PROBLEM REQUIREMENTS
Below are the records; copy exactly the stretch from the line containing "apply: lerD; first" through the line containing "by rewrite ler_ln", both ends included, and nothing else.

********

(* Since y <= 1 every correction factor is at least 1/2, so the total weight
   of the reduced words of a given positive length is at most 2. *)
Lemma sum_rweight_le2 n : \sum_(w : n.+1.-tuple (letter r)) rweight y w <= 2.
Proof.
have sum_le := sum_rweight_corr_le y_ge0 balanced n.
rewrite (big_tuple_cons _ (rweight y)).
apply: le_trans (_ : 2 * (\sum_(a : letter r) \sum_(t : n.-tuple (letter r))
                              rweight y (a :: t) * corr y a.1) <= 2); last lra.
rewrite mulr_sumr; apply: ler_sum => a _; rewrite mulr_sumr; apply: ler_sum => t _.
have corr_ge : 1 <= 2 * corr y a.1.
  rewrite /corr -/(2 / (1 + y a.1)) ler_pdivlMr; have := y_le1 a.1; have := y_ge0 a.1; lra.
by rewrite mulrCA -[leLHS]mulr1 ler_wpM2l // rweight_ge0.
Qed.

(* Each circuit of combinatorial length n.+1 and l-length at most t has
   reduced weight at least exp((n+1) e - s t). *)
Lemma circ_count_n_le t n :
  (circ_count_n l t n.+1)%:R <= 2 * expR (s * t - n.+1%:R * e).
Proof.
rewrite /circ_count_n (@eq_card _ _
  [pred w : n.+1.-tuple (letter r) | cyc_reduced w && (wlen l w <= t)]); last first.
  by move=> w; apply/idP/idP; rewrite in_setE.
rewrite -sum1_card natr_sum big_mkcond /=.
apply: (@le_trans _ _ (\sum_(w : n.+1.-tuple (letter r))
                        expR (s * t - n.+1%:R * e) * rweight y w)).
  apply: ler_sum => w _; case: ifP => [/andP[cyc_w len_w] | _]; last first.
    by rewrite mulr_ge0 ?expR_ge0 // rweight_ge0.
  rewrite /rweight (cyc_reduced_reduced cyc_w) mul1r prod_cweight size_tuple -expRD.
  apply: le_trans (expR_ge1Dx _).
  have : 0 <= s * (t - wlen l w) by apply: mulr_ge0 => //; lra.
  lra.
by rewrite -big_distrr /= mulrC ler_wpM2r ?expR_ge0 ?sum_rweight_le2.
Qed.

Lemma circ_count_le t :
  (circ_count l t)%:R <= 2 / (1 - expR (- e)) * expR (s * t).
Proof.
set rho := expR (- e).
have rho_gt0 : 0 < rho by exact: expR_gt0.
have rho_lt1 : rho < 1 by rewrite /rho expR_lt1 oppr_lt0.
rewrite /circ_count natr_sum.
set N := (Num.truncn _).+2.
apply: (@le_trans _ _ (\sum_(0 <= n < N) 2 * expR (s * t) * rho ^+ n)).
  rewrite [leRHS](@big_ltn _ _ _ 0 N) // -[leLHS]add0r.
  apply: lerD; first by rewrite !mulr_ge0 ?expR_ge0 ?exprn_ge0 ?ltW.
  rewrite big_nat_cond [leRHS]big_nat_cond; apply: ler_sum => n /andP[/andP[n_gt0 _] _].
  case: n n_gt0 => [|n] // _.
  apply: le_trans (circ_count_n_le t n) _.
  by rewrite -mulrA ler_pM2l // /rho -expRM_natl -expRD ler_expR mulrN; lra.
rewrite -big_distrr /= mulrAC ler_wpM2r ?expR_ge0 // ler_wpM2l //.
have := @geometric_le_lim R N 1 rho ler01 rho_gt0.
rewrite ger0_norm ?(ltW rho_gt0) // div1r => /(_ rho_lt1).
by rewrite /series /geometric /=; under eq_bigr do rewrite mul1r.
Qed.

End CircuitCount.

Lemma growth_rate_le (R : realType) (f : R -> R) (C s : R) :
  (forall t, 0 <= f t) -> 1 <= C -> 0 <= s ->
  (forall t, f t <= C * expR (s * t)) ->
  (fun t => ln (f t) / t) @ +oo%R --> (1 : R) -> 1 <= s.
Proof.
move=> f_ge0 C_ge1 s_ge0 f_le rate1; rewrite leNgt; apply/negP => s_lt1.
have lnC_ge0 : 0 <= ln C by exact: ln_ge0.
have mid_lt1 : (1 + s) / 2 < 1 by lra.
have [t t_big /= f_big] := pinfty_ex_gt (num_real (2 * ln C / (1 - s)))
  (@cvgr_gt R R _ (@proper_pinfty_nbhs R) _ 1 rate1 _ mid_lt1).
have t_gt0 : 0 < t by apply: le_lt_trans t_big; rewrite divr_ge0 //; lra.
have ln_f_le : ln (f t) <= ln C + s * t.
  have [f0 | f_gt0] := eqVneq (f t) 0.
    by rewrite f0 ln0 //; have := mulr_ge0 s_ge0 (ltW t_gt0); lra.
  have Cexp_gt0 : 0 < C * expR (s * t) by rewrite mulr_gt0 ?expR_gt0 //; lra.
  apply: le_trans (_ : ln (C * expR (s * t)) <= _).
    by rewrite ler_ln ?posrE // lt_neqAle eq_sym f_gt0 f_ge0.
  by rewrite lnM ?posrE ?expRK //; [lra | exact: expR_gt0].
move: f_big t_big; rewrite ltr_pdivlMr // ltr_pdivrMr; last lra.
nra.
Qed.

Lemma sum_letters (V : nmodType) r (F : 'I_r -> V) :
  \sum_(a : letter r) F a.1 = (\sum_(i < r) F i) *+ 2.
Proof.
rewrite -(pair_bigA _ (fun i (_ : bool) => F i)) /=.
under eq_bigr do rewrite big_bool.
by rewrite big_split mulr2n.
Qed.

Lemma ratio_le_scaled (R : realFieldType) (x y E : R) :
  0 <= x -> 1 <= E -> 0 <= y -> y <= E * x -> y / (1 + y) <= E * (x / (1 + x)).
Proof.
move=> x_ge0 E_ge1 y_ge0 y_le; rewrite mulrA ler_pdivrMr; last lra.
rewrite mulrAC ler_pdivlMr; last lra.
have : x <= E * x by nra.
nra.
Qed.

********

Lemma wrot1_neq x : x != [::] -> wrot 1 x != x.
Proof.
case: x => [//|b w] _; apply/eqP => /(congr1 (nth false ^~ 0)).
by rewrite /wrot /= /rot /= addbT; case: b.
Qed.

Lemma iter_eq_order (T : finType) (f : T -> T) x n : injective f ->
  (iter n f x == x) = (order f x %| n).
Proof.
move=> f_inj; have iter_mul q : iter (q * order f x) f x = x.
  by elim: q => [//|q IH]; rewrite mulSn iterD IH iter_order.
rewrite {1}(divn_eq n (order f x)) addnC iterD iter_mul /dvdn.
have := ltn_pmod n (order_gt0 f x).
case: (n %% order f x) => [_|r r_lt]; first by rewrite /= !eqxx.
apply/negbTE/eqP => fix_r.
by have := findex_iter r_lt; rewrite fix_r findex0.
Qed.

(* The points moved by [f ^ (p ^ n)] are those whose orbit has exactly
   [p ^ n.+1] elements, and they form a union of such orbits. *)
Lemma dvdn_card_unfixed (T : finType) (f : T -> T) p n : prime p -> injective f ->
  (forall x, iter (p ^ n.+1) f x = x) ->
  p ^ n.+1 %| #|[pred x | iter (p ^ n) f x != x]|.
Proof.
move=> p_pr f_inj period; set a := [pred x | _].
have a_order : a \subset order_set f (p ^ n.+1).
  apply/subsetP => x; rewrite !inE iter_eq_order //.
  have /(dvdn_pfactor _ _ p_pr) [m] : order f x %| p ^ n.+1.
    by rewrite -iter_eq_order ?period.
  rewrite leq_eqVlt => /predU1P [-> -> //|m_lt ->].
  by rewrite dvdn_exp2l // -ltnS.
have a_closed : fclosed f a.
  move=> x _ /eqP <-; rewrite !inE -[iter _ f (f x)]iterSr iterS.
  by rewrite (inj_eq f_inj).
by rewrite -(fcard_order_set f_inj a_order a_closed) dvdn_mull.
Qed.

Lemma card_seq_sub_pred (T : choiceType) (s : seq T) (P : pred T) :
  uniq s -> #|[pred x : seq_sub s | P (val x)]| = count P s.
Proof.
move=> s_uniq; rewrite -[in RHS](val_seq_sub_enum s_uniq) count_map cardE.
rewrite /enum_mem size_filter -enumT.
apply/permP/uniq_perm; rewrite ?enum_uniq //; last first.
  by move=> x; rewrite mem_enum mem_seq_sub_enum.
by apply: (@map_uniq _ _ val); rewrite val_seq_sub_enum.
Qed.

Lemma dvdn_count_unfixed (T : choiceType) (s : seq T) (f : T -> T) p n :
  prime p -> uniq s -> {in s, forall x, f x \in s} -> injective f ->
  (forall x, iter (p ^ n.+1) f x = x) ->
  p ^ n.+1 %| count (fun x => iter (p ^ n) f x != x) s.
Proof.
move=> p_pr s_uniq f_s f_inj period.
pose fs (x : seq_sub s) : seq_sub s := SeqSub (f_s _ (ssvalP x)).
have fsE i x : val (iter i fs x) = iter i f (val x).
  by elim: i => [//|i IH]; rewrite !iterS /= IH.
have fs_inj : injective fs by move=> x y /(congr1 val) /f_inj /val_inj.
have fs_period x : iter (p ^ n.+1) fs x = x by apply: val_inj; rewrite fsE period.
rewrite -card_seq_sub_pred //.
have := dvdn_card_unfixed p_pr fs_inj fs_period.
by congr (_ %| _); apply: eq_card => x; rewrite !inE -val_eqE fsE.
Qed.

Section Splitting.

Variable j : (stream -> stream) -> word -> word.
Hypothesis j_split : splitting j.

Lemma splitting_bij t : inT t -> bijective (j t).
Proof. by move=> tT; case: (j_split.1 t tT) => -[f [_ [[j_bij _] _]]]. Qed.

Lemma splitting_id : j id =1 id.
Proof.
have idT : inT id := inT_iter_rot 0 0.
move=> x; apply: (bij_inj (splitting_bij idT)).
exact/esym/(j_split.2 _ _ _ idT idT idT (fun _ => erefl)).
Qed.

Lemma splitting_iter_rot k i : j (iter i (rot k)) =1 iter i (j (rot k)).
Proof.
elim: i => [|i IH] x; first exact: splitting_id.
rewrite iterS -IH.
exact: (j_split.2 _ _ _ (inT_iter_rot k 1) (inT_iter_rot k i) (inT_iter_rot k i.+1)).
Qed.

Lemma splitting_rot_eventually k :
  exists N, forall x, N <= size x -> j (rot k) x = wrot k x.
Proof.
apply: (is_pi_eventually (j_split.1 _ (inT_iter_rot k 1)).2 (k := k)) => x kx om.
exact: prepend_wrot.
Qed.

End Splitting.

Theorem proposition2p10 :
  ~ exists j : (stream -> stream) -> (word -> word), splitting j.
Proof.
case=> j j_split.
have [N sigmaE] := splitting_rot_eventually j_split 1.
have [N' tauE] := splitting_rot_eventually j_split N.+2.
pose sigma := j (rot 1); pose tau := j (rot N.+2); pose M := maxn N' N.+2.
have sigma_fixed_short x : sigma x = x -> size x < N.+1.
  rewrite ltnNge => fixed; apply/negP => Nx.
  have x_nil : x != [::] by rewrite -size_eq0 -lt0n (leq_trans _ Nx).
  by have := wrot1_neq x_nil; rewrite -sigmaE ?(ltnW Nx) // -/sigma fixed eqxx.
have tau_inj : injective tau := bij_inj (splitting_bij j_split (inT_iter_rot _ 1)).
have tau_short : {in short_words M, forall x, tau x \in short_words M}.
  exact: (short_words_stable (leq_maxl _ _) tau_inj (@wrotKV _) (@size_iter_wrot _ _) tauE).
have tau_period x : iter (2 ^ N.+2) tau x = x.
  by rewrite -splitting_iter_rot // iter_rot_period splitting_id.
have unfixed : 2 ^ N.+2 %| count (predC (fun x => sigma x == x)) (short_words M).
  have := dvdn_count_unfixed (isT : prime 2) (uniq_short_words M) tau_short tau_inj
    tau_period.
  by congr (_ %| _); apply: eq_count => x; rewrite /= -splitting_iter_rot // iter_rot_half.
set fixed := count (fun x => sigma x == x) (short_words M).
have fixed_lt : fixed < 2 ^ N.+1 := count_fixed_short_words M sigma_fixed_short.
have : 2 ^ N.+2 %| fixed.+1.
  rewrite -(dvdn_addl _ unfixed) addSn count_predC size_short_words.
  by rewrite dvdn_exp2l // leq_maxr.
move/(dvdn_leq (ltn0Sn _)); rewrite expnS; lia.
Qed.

********

RESULT FOR THIS EXERCISE
  apply: lerD; first by rewrite !mulr_ge0 ?expR_ge0 ?exprn_ge0 ?ltW.
  rewrite big_nat_cond [leRHS]big_nat_cond; apply: ler_sum => n /andP[/andP[n_gt0 _] _].
  case: n n_gt0 => [|n] // _.
  apply: le_trans (circ_count_n_le t n) _.
  by rewrite -mulrA ler_pM2l // /rho -expRM_natl -expRD ler_expR mulrN; lra.
rewrite -big_distrr /= mulrAC ler_wpM2r ?expR_ge0 // ler_wpM2l //.
have := @geometric_le_lim R N 1 rho ler01 rho_gt0.
rewrite ger0_norm ?(ltW rho_gt0) // div1r => /(_ rho_lt1).
by rewrite /series /geometric /=; under eq_bigr do rewrite mul1r.
Qed.

End CircuitCount.

Lemma growth_rate_le (R : realType) (f : R -> R) (C s : R) :
  (forall t, 0 <= f t) -> 1 <= C -> 0 <= s ->
  (forall t, f t <= C * expR (s * t)) ->
  (fun t => ln (f t) / t) @ +oo%R --> (1 : R) -> 1 <= s.
Proof.
move=> f_ge0 C_ge1 s_ge0 f_le rate1; rewrite leNgt; apply/negP => s_lt1.
have lnC_ge0 : 0 <= ln C by exact: ln_ge0.
have mid_lt1 : (1 + s) / 2 < 1 by lra.
have [t t_big /= f_big] := pinfty_ex_gt (num_real (2 * ln C / (1 - s)))
  (@cvgr_gt R R _ (@proper_pinfty_nbhs R) _ 1 rate1 _ mid_lt1).
have t_gt0 : 0 < t by apply: le_lt_trans t_big; rewrite divr_ge0 //; lra.
have ln_f_le : ln (f t) <= ln C + s * t.
  have [f0 | f_gt0] := eqVneq (f t) 0.
    by rewrite f0 ln0 //; have := mulr_ge0 s_ge0 (ltW t_gt0); lra.
  have Cexp_gt0 : 0 < C * expR (s * t) by rewrite mulr_gt0 ?expR_gt0 //; lra.
  apply: le_trans (_ : ln (C * expR (s * t)) <= _).
    by rewrite ler_ln ?posrE // lt_neqAle eq_sym f_gt0 f_ge0.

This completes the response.